Lemma nbr_count_lt k b a q L : uniq L -> all (is_state k) L ->
  is_state k (b, a, q) -> (b, a, q) \notin L -> nbr_count b a L < k.
Proof.
move=> uniq_L /allP L_k w0_k L'w0.
case/and5P: (w0_k) => /= le_aq neq_ab _ b_k q_k; have a_k := leq_ltn_trans le_aq q_k.
rewrite -(size_states_min_max a_k b_k neq_ab) /nbr_count -!size_filter.
have min_lt : (size [seq w <- L | (w.1.1 == b) && (w.1.2 == a)]).+1 <= size (states_min k b a).
  apply: (uniq_leq_size (s1 := (b, a, q) :: _)) => [|w].
    by rewrite /= filter_uniq // mem_filter (negbTE L'w0) andbF.
  rewrite inE mem_states_min // mem_filter => /predU1P [-> | /andP [-> /L_k ->]] //.
  by rewrite w0_k !eqxx.
have max_le : size [seq w <- L | (w.1.1 == b) && (w.2 == a)] <= size (states_max b a).
  apply: uniq_leq_size => [|w]; first exact: filter_uniq.
  by rewrite mem_filter (mem_states_max (k := k)) // => /andP [-> /L_k ->].
by rewrite -addSn leq_add.
Qed.

Lemma nbr_count_ge k a b L : a < k -> b < k -> a != b ->
  (forall w, is_state k w -> w.1.1 = a -> w \in L) -> k <= nbr_count a b L.
Proof.
move=> a_k b_k neq_ab all_a; rewrite eq_sym in neq_ab.
rewrite -(size_states_min_max b_k a_k neq_ab) /nbr_count -!size_filter.
apply: leq_add; apply: uniq_leq_size.
- by rewrite map_inj_uniq ?filter_uniq ?iota_uniq // => x y [].
- move=> w; rewrite mem_states_min // mem_filter => /and3P [w_k /eqP wa ->].
  by rewrite wa eqxx all_a.
- by rewrite map_inj_uniq ?filter_uniq ?iota_uniq // => x y [].
move=> w; rewrite (mem_states_max (k := k)) // mem_filter => /and3P [w_k /eqP wa ->].
by rewrite wa eqxx all_a.
Qed.

Lemma windows_not_almost_full k s :
  uniq (map state (windows s)) -> all (proper_window k) (windows s) ->
  size s = (k * 'C(k, 2)).-1 -> 0 < k * 'C(k, 2) -> False.
Proof.
move=> uniq_s proper_s size_s states_gt0; set L := map state (windows s).
have L_k : all (is_state k) L.
  by rewrite all_map; apply: sub_all proper_s => w; apply: is_state_state.
have size_L : size L = (k * 'C(k, 2)).-1 by rewrite size_map size_windows.
have [[[b a] q] [w0_k L'w0 missing]] := missing_state uniq_s L_k size_L states_gt0.
case/and5P: (w0_k) => /= le_aq neq_ab _ b_k q_k; have a_k := leq_ltn_trans le_aq q_k.
have := nbr_count_lt uniq_s L_k w0_k L'w0.
rewrite nbr_count_windows ltnNge (nbr_count_ge a_k b_k neq_ab) // => w w_k wa.
by apply/negPn/negP => /(missing _ w_k) w0E; move: wa; rewrite w0E /=; lia.
Qed.

Lemma NLC_le_states n k : has_NLC (cycle_rel n) k -> n <= k * 'C(k, 2).
Proof.
case=> f /windows_of_NLC [s <- /andP [uniq_s proper_s]].
rewrite -size_windows -(size_map state); apply: size_uniq_states uniq_s _.
by rewrite all_map; apply: sub_all proper_s => w; apply: is_state_state.
Qed.

Lemma NLC_not_almost_full n k : 0 < n -> has_NLC (cycle_rel n) k -> n != (k * 'C(k, 2)).-1.
Proof.
move=> n_gt0 NLC_k; apply/eqP => nE; have := NLC_le_states NLC_k.
case: NLC_k => f /windows_of_NLC [s size_s /andP [uniq_s proper_s]] le_n.
by apply: (windows_not_almost_full uniq_s proper_s); lia.
Qed.

(** * Adding a colour *)

Lemma ltn_pairs_prefix w z : w <= z -> exists rest, ltn_pairs z = ltn_pairs w ++ rest.
Proof.
elim: z => [|z IH] le_wz; first by case: w le_wz => // _; exists [::].
case: (ltnP w z.+1) => [lt_wz | le_zw]; last first.
  have -> : w = z.+1 by lia.
  by exists [::]; rewrite cats0.
have [r rE] := IH lt_wz; exists (r ++ [seq (b, z) | b <- iota 0 z]).
by rewrite /= rE catA.
Qed.

Lemma pair0_in_take z b t : 0 < b < z -> 'C(b, 2) < t -> (0, b) \in take t (ltn_pairs z).
Proof.
move=> /andP [b_gt0 lt_bz] lt_t; have [r ->] := ltn_pairs_prefix lt_bz.
rewrite /= -catA take_cat size_ltn_pairs ltnNge (ltnW lt_t) /= mem_cat.
have -> : t - 'C(b, 2) = (t - 'C(b, 2)).-1.+1 by lia.
by case: b b_gt0 {lt_t lt_bz} => [|b] // _; rewrite /= in_cons eqxx orbT.
Qed.

Lemma uniq_flatten_map (A B : eqType) (f : A -> seq B) xs :
  uniq xs -> {in xs, forall x, uniq (f x)} ->
  (forall x y s, x \in xs -> y \in xs -> s \in f x -> s \in f y -> x = y) ->
  uniq (flatten (map f xs)).
Proof.
elim: xs => //= x xs IH /andP [xs'x uniq_xs] uniq_f disj_f.
rewrite cat_uniq uniq_f ?mem_head //= IH //; last 2 first.
- by move=> y xs_y; apply: uniq_f; rewrite in_cons xs_y orbT.
- by move=> y z s xs_y xs_z; apply: disj_f; rewrite in_cons ?xs_y ?xs_z orbT.
rewrite andbT; apply/hasP => -[s /flatten_mapP [y xs_y fy_s] fx_s].
have xy : x = y by apply: (disj_f x y s); rewrite ?in_cons ?eqxx ?xs_y ?orbT.
by move: xs'x; rewrite xy xs_y.
Qed.

Lemma size_flatten_map_const (A B : Type) (f : A -> seq B) c xs :
  (forall x, size (f x) = c) -> size (flatten (map f xs)) = c * size xs.
Proof.
by move=> size_f; elim: xs => [|x xs IH] /=; rewrite ?muln0 // size_cat IH size_f mulnS.
Qed.

(* [level z t d] adds the first [t] triangles [c b z] ([b < c < z]) and the
   first [d] digons [z b] through the new colour [z].  The states in which [z]
   occurs are exactly the states of all [3 * 'C(z, 2)] triangles and all
   [2 * z] digons. *)
Definition triangles z t : seq window :=
  flatten [seq windows [:: p.2; p.1; z] | p <- take t (ltn_pairs z)].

About this exercise = Hand back the whole listing, exactly as it is.

Answer to this task =
Lemma nbr_count_lt k b a q L : uniq L -> all (is_state k) L ->
  is_state k (b, a, q) -> (b, a, q) \notin L -> nbr_count b a L < k.
Proof.
move=> uniq_L /allP L_k w0_k L'w0.
case/and5P: (w0_k) => /= le_aq neq_ab _ b_k q_k; have a_k := leq_ltn_trans le_aq q_k.
rewrite -(size_states_min_max a_k b_k neq_ab) /nbr_count -!size_filter.
have min_lt : (size [seq w <- L | (w.1.1 == b) && (w.1.2 == a)]).+1 <= size (states_min k b a).
  apply: (uniq_leq_size (s1 := (b, a, q) :: _)) => [|w].
    by rewrite /= filter_uniq // mem_filter (negbTE L'w0) andbF.
  rewrite inE mem_states_min // mem_filter => /predU1P [-> | /andP [-> /L_k ->]] //.
  by rewrite w0_k !eqxx.
have max_le : size [seq w <- L | (w.1.1 == b) && (w.2 == a)] <= size (states_max b a).
  apply: uniq_leq_size => [|w]; first exact: filter_uniq.
  by rewrite mem_filter (mem_states_max (k := k)) // => /andP [-> /L_k ->].
by rewrite -addSn leq_add.
Qed.

Lemma nbr_count_ge k a b L : a < k -> b < k -> a != b ->
  (forall w, is_state k w -> w.1.1 = a -> w \in L) -> k <= nbr_count a b L.
Proof.
move=> a_k b_k neq_ab all_a; rewrite eq_sym in neq_ab.
rewrite -(size_states_min_max b_k a_k neq_ab) /nbr_count -!size_filter.
apply: leq_add; apply: uniq_leq_size.
- by rewrite map_inj_uniq ?filter_uniq ?iota_uniq // => x y [].
- move=> w; rewrite mem_states_min // mem_filter => /and3P [w_k /eqP wa ->].
  by rewrite wa eqxx all_a.
- by rewrite map_inj_uniq ?filter_uniq ?iota_uniq // => x y [].
move=> w; rewrite (mem_states_max (k := k)) // mem_filter => /and3P [w_k /eqP wa ->].
by rewrite wa eqxx all_a.
Qed.

Lemma windows_not_almost_full k s :
  uniq (map state (windows s)) -> all (proper_window k) (windows s) ->
  size s = (k * 'C(k, 2)).-1 -> 0 < k * 'C(k, 2) -> False.
Proof.
move=> uniq_s proper_s size_s states_gt0; set L := map state (windows s).
have L_k : all (is_state k) L.
  by rewrite all_map; apply: sub_all proper_s => w; apply: is_state_state.
have size_L : size L = (k * 'C(k, 2)).-1 by rewrite size_map size_windows.
have [[[b a] q] [w0_k L'w0 missing]] := missing_state uniq_s L_k size_L states_gt0.
case/and5P: (w0_k) => /= le_aq neq_ab _ b_k q_k; have a_k := leq_ltn_trans le_aq q_k.
have := nbr_count_lt uniq_s L_k w0_k L'w0.
rewrite nbr_count_windows ltnNge (nbr_count_ge a_k b_k neq_ab) // => w w_k wa.
by apply/negPn/negP => /(missing _ w_k) w0E; move: wa; rewrite w0E /=; lia.
Qed.

Lemma NLC_le_states n k : has_NLC (cycle_rel n) k -> n <= k * 'C(k, 2).
Proof.
case=> f /windows_of_NLC [s <- /andP [uniq_s proper_s]].
rewrite -size_windows -(size_map state); apply: size_uniq_states uniq_s _.
by rewrite all_map; apply: sub_all proper_s => w; apply: is_state_state.
Qed.

Lemma NLC_not_almost_full n k : 0 < n -> has_NLC (cycle_rel n) k -> n != (k * 'C(k, 2)).-1.
Proof.
move=> n_gt0 NLC_k; apply/eqP => nE; have := NLC_le_states NLC_k.
case: NLC_k => f /windows_of_NLC [s size_s /andP [uniq_s proper_s]] le_n.
by apply: (windows_not_almost_full uniq_s proper_s); lia.
Qed.

(** * Adding a colour *)

Lemma ltn_pairs_prefix w z : w <= z -> exists rest, ltn_pairs z = ltn_pairs w ++ rest.
Proof.
elim: z => [|z IH] le_wz; first by case: w le_wz => // _; exists [::].
case: (ltnP w z.+1) => [lt_wz | le_zw]; last first.
  have -> : w = z.+1 by lia.
  by exists [::]; rewrite cats0.
have [r rE] := IH lt_wz; exists (r ++ [seq (b, z) | b <- iota 0 z]).
by rewrite /= rE catA.
Qed.

Lemma pair0_in_take z b t : 0 < b < z -> 'C(b, 2) < t -> (0, b) \in take t (ltn_pairs z).
Proof.
move=> /andP [b_gt0 lt_bz] lt_t; have [r ->] := ltn_pairs_prefix lt_bz.
rewrite /= -catA take_cat size_ltn_pairs ltnNge (ltnW lt_t) /= mem_cat.
have -> : t - 'C(b, 2) = (t - 'C(b, 2)).-1.+1 by lia.
by case: b b_gt0 {lt_t lt_bz} => [|b] // _; rewrite /= in_cons eqxx orbT.
Qed.

Lemma uniq_flatten_map (A B : eqType) (f : A -> seq B) xs :
  uniq xs -> {in xs, forall x, uniq (f x)} ->
  (forall x y s, x \in xs -> y \in xs -> s \in f x -> s \in f y -> x = y) ->
  uniq (flatten (map f xs)).
Proof.
elim: xs => //= x xs IH /andP [xs'x uniq_xs] uniq_f disj_f.
rewrite cat_uniq uniq_f ?mem_head //= IH //; last 2 first.
- by move=> y xs_y; apply: uniq_f; rewrite in_cons xs_y orbT.
- by move=> y z s xs_y xs_z; apply: disj_f; rewrite in_cons ?xs_y ?xs_z orbT.
rewrite andbT; apply/hasP => -[s /flatten_mapP [y xs_y fy_s] fx_s].
have xy : x = y by apply: (disj_f x y s); rewrite ?in_cons ?eqxx ?xs_y ?orbT.
by move: xs'x; rewrite xy xs_y.
Qed.

Lemma size_flatten_map_const (A B : Type) (f : A -> seq B) c xs :
  (forall x, size (f x) = c) -> size (flatten (map f xs)) = c * size xs.
Proof.
by move=> size_f; elim: xs => [|x xs IH] /=; rewrite ?muln0 // size_cat IH size_f mulnS.
Qed.

(* [level z t d] adds the first [t] triangles [c b z] ([b < c < z]) and the
   first [d] digons [z b] through the new colour [z].  The states in which [z]
   occurs are exactly the states of all [3 * 'C(z, 2)] triangles and all
   [2 * z] digons. *)
Definition triangles z t : seq window :=
  flatten [seq windows [:: p.2; p.1; z] | p <- take t (ltn_pairs z)].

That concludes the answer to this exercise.